Copy out each line containing "Section" from the entries below.

[Dataset entries]
****
(* For every word $C$ over the alphabet $\Sigma_D$ there exists a word $C'$ over $\Sigma_D$ in which the total number of occurrences of the symbols $CCX_{0,1}$, $CCX_{0,2}$, $CCX_{1,2}$ (the Toffoli count of $C'$) is at most $120$, and such that $[\![C]\!] = [\![C']\!]$.
   Context: Qubits are labelled $0,1,2$. The computational basis vector $|x_0x_1x_2\rangle$ ($x_i\in\{0,1\}$) is identified with the standard basis vector $e_{4x_0+2x_1+x_2}$ of $\mathbb{R}^8$, so a $2\times 2$ matrix $M$ acting on qubit $0$, $1$, $2$ is $M\otimes I\otimes I$, $I\otimes M\otimes I$, $I\otimes I\otimes M$ respectively, written $M_j$. Let $X=\begin{bmatrix}0&1\\1&0\end{bmatrix}$, $Z=\begin{bmatrix}1&0\\0&-1\end{bmatrix}$, $H=\frac{1}{\sqrt2}\begin{bmatrix}1&1\\1&-1\end{bmatrix}$. For $j\neq k$, $CX_{j,k}$ (resp. $CZ_{j,k}$) is the $8\times 8$ matrix sending $|x_0x_1x_2\rangle$ to $(X_k)^{x_j}|x_0x_1x_2\rangle$ (resp. $(Z_k)^{x_j}|x_0x_1x_2\rangle$). For $j<k$, $CCX_{j,k}$ sends $|x_0x_1x_2\rangle$ to $(X_l)^{x_jx_k}|x_0x_1x_2\rangle$ where $l$ is the element of $\{0,1,2\}\setminus\{j,k\}$. $K_{j,k}=H_jH_k$, and $\sigma_{j,k}$ is the permutation matrix swapping qubits $j$ and $k$. The alphabet $\Sigma_D$ consists of the $23$ symbols $X_0,X_1,X_2$; $CX_{k,l}$ for all $k\neq l$ in $\{0,1,2\}$; $CCX_{0,1},CCX_{0,2},CCX_{1,2}$; $Z_0,Z_1,Z_2$; $CZ_{0,1},CZ_{0,2},CZ_{1,2}$; $K_{0,1},K_{1,2}$; $\sigma_{0,1},\sigma_{0,2},\sigma_{1,2}$, each interpreted as the corresponding $8\times 8$ matrix. A word $w_1w_2\cdots w_m$ over $\Sigma_D$ is interpreted as the matrix product $[\![w_1w_2\cdots w_m]\!]=[\![w_1]\!][\![w_2]\!]\cdots[\![w_m]\!]$ (the empty word gives the identity). *)

From HB Require Import structures.
From mathcomp Require Import all_boot all_order all_algebra.
From mathcomp Require Import reals.
Set Implicit Arguments. Unset Strict Implicit. Unset Printing Implicit Defensive.
Import Order.TTheory GRing.Theory Num.Theory.
Local Open Scope ring_scope.

(* Basis index x : 'I_8 encodes |x0 x1 x2> with x = 4 x0 + 2 x1 + x2. *)
Definition bit (j : 'I_3) (x : 'I_8) : bool := odd (x %/ 2 ^ (2 - j)).

Definition b2o (b : bool) : 'I_2 := inord (nat_of_bool b).

Definition mkidx (b : 'I_3 -> bool) : 'I_8 :=
  inord (4 * b (@inord 2 0) + 2 * b (@inord 2 1) + b (@inord 2 2)).

Section Gates.
Variable R : realType.

(* M_j = M acting on qubit j (tensor product with identities), entrywise *)
Definition one_q (M : 'M[R]_2) (j : 'I_3) : 'M[R]_8 :=
  \matrix_(x, y) if [forall k : 'I_3, (k != j) ==> (bit k x == bit k y)]
                 then M (b2o (bit j x)) (b2o (bit j y)) else 0.

Definition Xm : 'M[R]_2 := \matrix_(i, j) if i == j then 0 else 1.
Definition Zm : 'M[R]_2 := \matrix_(i, j) if i == j then (if i == 1 then -1 else 1) else 0.
Definition Hm : 'M[R]_2 :=
  (Num.sqrt (2 : R))^-1 *: \matrix_(i, j) (if (i == 1) && (j == 1) then -1 else 1).

(* column y of the matrix is the image of e_y *)
(* |x> |-> U^{x_j} |x> *)
Definition ctrl (j : 'I_3) (U : 'M[R]_8) : 'M[R]_8 :=
  \matrix_(x, y) if bit j y then U x y else (x == y)%:R.
(* |x> |-> U^{x_j x_k} |x> *)
Definition ctrl2 (j k : 'I_3) (U : 'M[R]_8) : 'M[R]_8 :=
  \matrix_(x, y) if bit j y && bit k y then U x y else (x == y)%:R.

Definition swap_idx (j k : 'I_3) (x : 'I_8) : 'I_8 :=
  mkidx (fun i => bit (if i == j then k else if i == k then j else i) x).
Definition sigma (j k : 'I_3) : 'M[R]_8 :=
  \matrix_(x, y) (x == swap_idx j k y)%:R.

End Gates.

Notation q0 := (@Ordinal 3 0 isT).
Notation q1 := (@Ordinal 3 1 isT).
Notation q2 := (@Ordinal 3 2 isT).

Inductive sym : Type :=
| sX0 | sX1 | sX2
| sCX01 | sCX02 | sCX10 | sCX12 | sCX20 | sCX21
| sCCX01 | sCCX02 | sCCX12
| sZ0 | sZ1 | sZ2
| sCZ01 | sCZ02 | sCZ12
| sK01 | sK12
| sS01 | sS02 | sS12.

Definition sem (R : realType) (s : sym) : 'M[R]_8 :=
  match s with
  | sX0 => one_q (Xm R) q0 | sX1 => one_q (Xm R) q1 | sX2 => one_q (Xm R) q2
  | sCX01 => ctrl q0 (one_q (Xm R) q1) | sCX02 => ctrl q0 (one_q (Xm R) q2)
  | sCX10 => ctrl q1 (one_q (Xm R) q0) | sCX12 => ctrl q1 (one_q (Xm R) q2)
  | sCX20 => ctrl q2 (one_q (Xm R) q0) | sCX21 => ctrl q2 (one_q (Xm R) q1)
  | sCCX01 => ctrl2 q0 q1 (one_q (Xm R) q2)
  | sCCX02 => ctrl2 q0 q2 (one_q (Xm R) q1)
  | sCCX12 => ctrl2 q1 q2 (one_q (Xm R) q0)
  | sZ0 => one_q (Zm R) q0 | sZ1 => one_q (Zm R) q1 | sZ2 => one_q (Zm R) q2
  | sCZ01 => ctrl q0 (one_q (Zm R) q1) | sCZ02 => ctrl q0 (one_q (Zm R) q2)
  | sCZ12 => ctrl q1 (one_q (Zm R) q2)
  | sK01 => one_q (Hm R) q0 *m one_q (Hm R) q1
  | sK12 => one_q (Hm R) q1 *m one_q (Hm R) q2
  | sS01 => sigma R q0 q1 | sS02 => sigma R q0 q2 | sS12 => sigma R q1 q2
  end.

Definition interp (R : realType) (w : seq sym) : 'M[R]_8 :=
  foldr (fun s M => sem R s *m M) 1%:M w.

Definition is_toffoli (s : sym) : bool :=
  match s with sCCX01 | sCCX02 | sCCX12 => true | _ => false end.

Definition toffoli_count (w : seq sym) : nat := count is_toffoli w.

From HB Require Import structures.
From mathcomp Require Import all_boot all_order all_algebra.
From mathcomp Require Import reals ssrZ.
From Stdlib Require Import BinInt Zdiv.
Import ssrZ.Instances.
(* importing BinInt rebinds the %N delimiter to N_scope *)
Delimit Scope nat_scope with N.
Set Implicit Arguments. Unset Strict Implicit. Unset Printing Implicit Defensive.
Import Order.TTheory GRing.Theory Num.Theory.
Local Open Scope ring_scope.

(* The group generated by the gates of Sigma_D is finite, and already generated
   by CCX_{0,1}, K_{0,1}, sigma_{0,1}, sigma_{1,2}, Z_0 and CZ_{0,1}.  A
   stabiliser chain for its action on the basis vectors e_0, ..., e_6 gives
   transversals T_1, ..., T_7, written as explicit words, such that every
   element of the group is a product u_1 ... u_7 with u_i in T_i; bounding the
   Toffoli count of u_i by the largest one in T_i and summing gives 120.  It
   suffices that these products contain the identity and are closed under left
   multiplication by the generators, which reduces, level by level, to finitely
   many matrix identities.  They are checked by exact computation, since every
   matrix of the group is M / 4 for an integral M. *)

Section Factorization.
Variables (A : eqType) (G : pzSemiRingType) (f : A -> G).
Implicit Types (w u v : seq A) (T S : seq (seq A)) (Ts : seq (seq (seq A))).

Definition eval w : G := \prod_(a <- w) f a.

Lemma eval_cat w1 w2 : eval (w1 ++ w2) = eval w1 * eval w2.
Proof. exact: big_cat. Qed.

Lemma eval_flatten (ws : seq (seq A)) : eval (flatten ws) = \prod_(w <- ws) eval w.
Proof.
elim: ws => [|w ws IH]; first by rewrite big_nil /eval big_nil.
by rewrite big_cons eval_cat IH.
Qed.

Fixpoint in_product Ts (x : G) : Prop :=
  if Ts is T :: Ts' then
    exists2 u, u \in T & exists2 y, in_product Ts' y & x = eval u * y
  else x = 1.

Definition stable Ts S :=
  forall v x, v \in S -> in_product Ts x -> in_product Ts (eval v * x).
****
• [Answer below]
Section Gates.
Section Factorization.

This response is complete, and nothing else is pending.